| WHAT IS NEEDED |
Please copy out the records that follow, word for word.

Items listed in a dataset:
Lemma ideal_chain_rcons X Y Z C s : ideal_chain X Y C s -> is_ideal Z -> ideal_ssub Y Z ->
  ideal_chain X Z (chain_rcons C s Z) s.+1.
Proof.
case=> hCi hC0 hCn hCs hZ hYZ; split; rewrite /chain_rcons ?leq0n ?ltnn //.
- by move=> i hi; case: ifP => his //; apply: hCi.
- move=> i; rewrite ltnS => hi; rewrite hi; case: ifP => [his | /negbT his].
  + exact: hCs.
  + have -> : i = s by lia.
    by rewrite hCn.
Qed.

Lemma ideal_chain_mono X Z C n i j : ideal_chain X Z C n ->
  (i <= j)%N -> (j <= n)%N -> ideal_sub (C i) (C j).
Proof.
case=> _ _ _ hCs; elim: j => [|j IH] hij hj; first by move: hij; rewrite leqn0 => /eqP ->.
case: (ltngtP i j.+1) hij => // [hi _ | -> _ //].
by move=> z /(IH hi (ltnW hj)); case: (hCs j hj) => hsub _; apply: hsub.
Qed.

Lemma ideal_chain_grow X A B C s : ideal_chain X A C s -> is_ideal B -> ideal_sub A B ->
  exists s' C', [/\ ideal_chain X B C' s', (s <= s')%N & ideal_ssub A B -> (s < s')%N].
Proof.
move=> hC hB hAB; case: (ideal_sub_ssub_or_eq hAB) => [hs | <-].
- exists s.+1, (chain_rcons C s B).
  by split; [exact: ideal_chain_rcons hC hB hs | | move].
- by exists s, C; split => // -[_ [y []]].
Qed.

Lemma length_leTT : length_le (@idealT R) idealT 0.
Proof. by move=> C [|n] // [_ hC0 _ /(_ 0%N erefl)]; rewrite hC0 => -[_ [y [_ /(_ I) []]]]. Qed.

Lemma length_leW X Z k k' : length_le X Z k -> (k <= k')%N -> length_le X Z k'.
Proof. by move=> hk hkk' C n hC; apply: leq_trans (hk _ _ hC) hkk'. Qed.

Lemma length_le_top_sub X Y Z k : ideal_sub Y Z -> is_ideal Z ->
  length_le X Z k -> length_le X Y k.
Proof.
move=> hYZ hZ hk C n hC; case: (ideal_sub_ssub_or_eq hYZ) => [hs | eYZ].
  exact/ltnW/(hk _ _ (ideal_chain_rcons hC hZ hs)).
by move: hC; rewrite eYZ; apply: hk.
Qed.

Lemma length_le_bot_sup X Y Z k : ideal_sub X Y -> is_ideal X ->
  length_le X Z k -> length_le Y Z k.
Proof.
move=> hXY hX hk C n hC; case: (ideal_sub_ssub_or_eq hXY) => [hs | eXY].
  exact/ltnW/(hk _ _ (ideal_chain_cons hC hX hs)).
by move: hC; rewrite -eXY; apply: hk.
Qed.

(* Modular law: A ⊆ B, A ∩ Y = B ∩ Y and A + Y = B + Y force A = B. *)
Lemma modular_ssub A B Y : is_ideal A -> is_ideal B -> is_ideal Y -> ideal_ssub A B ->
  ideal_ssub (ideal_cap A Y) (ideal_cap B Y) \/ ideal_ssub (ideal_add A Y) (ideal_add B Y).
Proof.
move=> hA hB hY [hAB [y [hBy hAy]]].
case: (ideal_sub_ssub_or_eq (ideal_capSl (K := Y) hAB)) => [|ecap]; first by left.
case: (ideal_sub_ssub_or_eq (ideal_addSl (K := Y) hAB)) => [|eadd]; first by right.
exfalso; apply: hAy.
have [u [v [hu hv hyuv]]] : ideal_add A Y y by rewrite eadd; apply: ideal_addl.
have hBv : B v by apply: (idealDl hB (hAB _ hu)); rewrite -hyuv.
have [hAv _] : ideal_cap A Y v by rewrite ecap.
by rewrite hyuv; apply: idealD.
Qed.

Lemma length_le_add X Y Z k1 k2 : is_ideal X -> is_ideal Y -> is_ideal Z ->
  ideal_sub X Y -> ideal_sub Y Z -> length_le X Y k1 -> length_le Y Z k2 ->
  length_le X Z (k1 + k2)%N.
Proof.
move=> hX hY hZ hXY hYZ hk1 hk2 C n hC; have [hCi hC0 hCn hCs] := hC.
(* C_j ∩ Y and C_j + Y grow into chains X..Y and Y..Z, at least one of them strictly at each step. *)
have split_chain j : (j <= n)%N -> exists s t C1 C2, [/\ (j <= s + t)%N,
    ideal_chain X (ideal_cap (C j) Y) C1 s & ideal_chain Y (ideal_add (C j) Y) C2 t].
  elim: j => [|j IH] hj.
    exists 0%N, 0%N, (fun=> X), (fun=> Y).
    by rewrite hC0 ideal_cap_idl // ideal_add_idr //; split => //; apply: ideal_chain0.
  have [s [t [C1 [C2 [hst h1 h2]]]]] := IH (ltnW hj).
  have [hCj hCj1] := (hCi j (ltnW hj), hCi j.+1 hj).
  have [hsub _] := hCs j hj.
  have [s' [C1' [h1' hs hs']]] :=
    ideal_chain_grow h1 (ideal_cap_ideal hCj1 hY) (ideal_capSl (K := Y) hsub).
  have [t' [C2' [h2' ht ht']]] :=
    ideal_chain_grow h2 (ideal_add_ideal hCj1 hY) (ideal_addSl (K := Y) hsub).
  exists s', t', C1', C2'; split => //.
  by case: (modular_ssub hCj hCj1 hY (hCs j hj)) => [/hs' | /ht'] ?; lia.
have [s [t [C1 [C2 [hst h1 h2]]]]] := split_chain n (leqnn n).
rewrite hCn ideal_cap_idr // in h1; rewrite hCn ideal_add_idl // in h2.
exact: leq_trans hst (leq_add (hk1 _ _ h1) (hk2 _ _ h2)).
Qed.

| RESPONSE AREA |
Lemma ideal_chain_rcons X Y Z C s : ideal_chain X Y C s -> is_ideal Z -> ideal_ssub Y Z ->
  ideal_chain X Z (chain_rcons C s Z) s.+1.
Proof.
case=> hCi hC0 hCn hCs hZ hYZ; split; rewrite /chain_rcons ?leq0n ?ltnn //.
- by move=> i hi; case: ifP => his //; apply: hCi.
- move=> i; rewrite ltnS => hi; rewrite hi; case: ifP => [his | /negbT his].
  + exact: hCs.
  + have -> : i = s by lia.
    by rewrite hCn.
Qed.

Lemma ideal_chain_mono X Z C n i j : ideal_chain X Z C n ->
  (i <= j)%N -> (j <= n)%N -> ideal_sub (C i) (C j).
Proof.
case=> _ _ _ hCs; elim: j => [|j IH] hij hj; first by move: hij; rewrite leqn0 => /eqP ->.
case: (ltngtP i j.+1) hij => // [hi _ | -> _ //].
by move=> z /(IH hi (ltnW hj)); case: (hCs j hj) => hsub _; apply: hsub.
Qed.

Lemma ideal_chain_grow X A B C s : ideal_chain X A C s -> is_ideal B -> ideal_sub A B ->
  exists s' C', [/\ ideal_chain X B C' s', (s <= s')%N & ideal_ssub A B -> (s < s')%N].
Proof.
move=> hC hB hAB; case: (ideal_sub_ssub_or_eq hAB) => [hs | <-].
- exists s.+1, (chain_rcons C s B).
  by split; [exact: ideal_chain_rcons hC hB hs | | move].
- by exists s, C; split => // -[_ [y []]].
Qed.

Lemma length_leTT : length_le (@idealT R) idealT 0.
Proof. by move=> C [|n] // [_ hC0 _ /(_ 0%N erefl)]; rewrite hC0 => -[_ [y [_ /(_ I) []]]]. Qed.

Lemma length_leW X Z k k' : length_le X Z k -> (k <= k')%N -> length_le X Z k'.
Proof. by move=> hk hkk' C n hC; apply: leq_trans (hk _ _ hC) hkk'. Qed.

Lemma length_le_top_sub X Y Z k : ideal_sub Y Z -> is_ideal Z ->
  length_le X Z k -> length_le X Y k.
Proof.
move=> hYZ hZ hk C n hC; case: (ideal_sub_ssub_or_eq hYZ) => [hs | eYZ].
  exact/ltnW/(hk _ _ (ideal_chain_rcons hC hZ hs)).
by move: hC; rewrite eYZ; apply: hk.
Qed.

Lemma length_le_bot_sup X Y Z k : ideal_sub X Y -> is_ideal X ->
  length_le X Z k -> length_le Y Z k.
Proof.
move=> hXY hX hk C n hC; case: (ideal_sub_ssub_or_eq hXY) => [hs | eXY].
  exact/ltnW/(hk _ _ (ideal_chain_cons hC hX hs)).
by move: hC; rewrite -eXY; apply: hk.
Qed.

(* Modular law: A ⊆ B, A ∩ Y = B ∩ Y and A + Y = B + Y force A = B. *)
Lemma modular_ssub A B Y : is_ideal A -> is_ideal B -> is_ideal Y -> ideal_ssub A B ->
  ideal_ssub (ideal_cap A Y) (ideal_cap B Y) \/ ideal_ssub (ideal_add A Y) (ideal_add B Y).
Proof.
move=> hA hB hY [hAB [y [hBy hAy]]].
case: (ideal_sub_ssub_or_eq (ideal_capSl (K := Y) hAB)) => [|ecap]; first by left.
case: (ideal_sub_ssub_or_eq (ideal_addSl (K := Y) hAB)) => [|eadd]; first by right.
exfalso; apply: hAy.
have [u [v [hu hv hyuv]]] : ideal_add A Y y by rewrite eadd; apply: ideal_addl.
have hBv : B v by apply: (idealDl hB (hAB _ hu)); rewrite -hyuv.
have [hAv _] : ideal_cap A Y v by rewrite ecap.
by rewrite hyuv; apply: idealD.
Qed.

Lemma length_le_add X Y Z k1 k2 : is_ideal X -> is_ideal Y -> is_ideal Z ->
  ideal_sub X Y -> ideal_sub Y Z -> length_le X Y k1 -> length_le Y Z k2 ->
  length_le X Z (k1 + k2)%N.
Proof.
move=> hX hY hZ hXY hYZ hk1 hk2 C n hC; have [hCi hC0 hCn hCs] := hC.
(* C_j ∩ Y and C_j + Y grow into chains X..Y and Y..Z, at least one of them strictly at each step. *)
have split_chain j : (j <= n)%N -> exists s t C1 C2, [/\ (j <= s + t)%N,
    ideal_chain X (ideal_cap (C j) Y) C1 s & ideal_chain Y (ideal_add (C j) Y) C2 t].
  elim: j => [|j IH] hj.
    exists 0%N, 0%N, (fun=> X), (fun=> Y).
    by rewrite hC0 ideal_cap_idl // ideal_add_idr //; split => //; apply: ideal_chain0.
  have [s [t [C1 [C2 [hst h1 h2]]]]] := IH (ltnW hj).
  have [hCj hCj1] := (hCi j (ltnW hj), hCi j.+1 hj).
  have [hsub _] := hCs j hj.
  have [s' [C1' [h1' hs hs']]] :=
    ideal_chain_grow h1 (ideal_cap_ideal hCj1 hY) (ideal_capSl (K := Y) hsub).
  have [t' [C2' [h2' ht ht']]] :=
    ideal_chain_grow h2 (ideal_add_ideal hCj1 hY) (ideal_addSl (K := Y) hsub).
  exists s', t', C1', C2'; split => //.
  by case: (modular_ssub hCj hCj1 hY (hCs j hj)) => [/hs' | /ht'] ?; lia.
have [s [t [C1 [C2 [hst h1 h2]]]]] := split_chain n (leqnn n).
rewrite hCn ideal_cap_idr // in h1; rewrite hCn ideal_add_idl // in h2.
exact: leq_trans hst (leq_add (hk1 _ _ h1) (hk2 _ _ h2)).
Qed.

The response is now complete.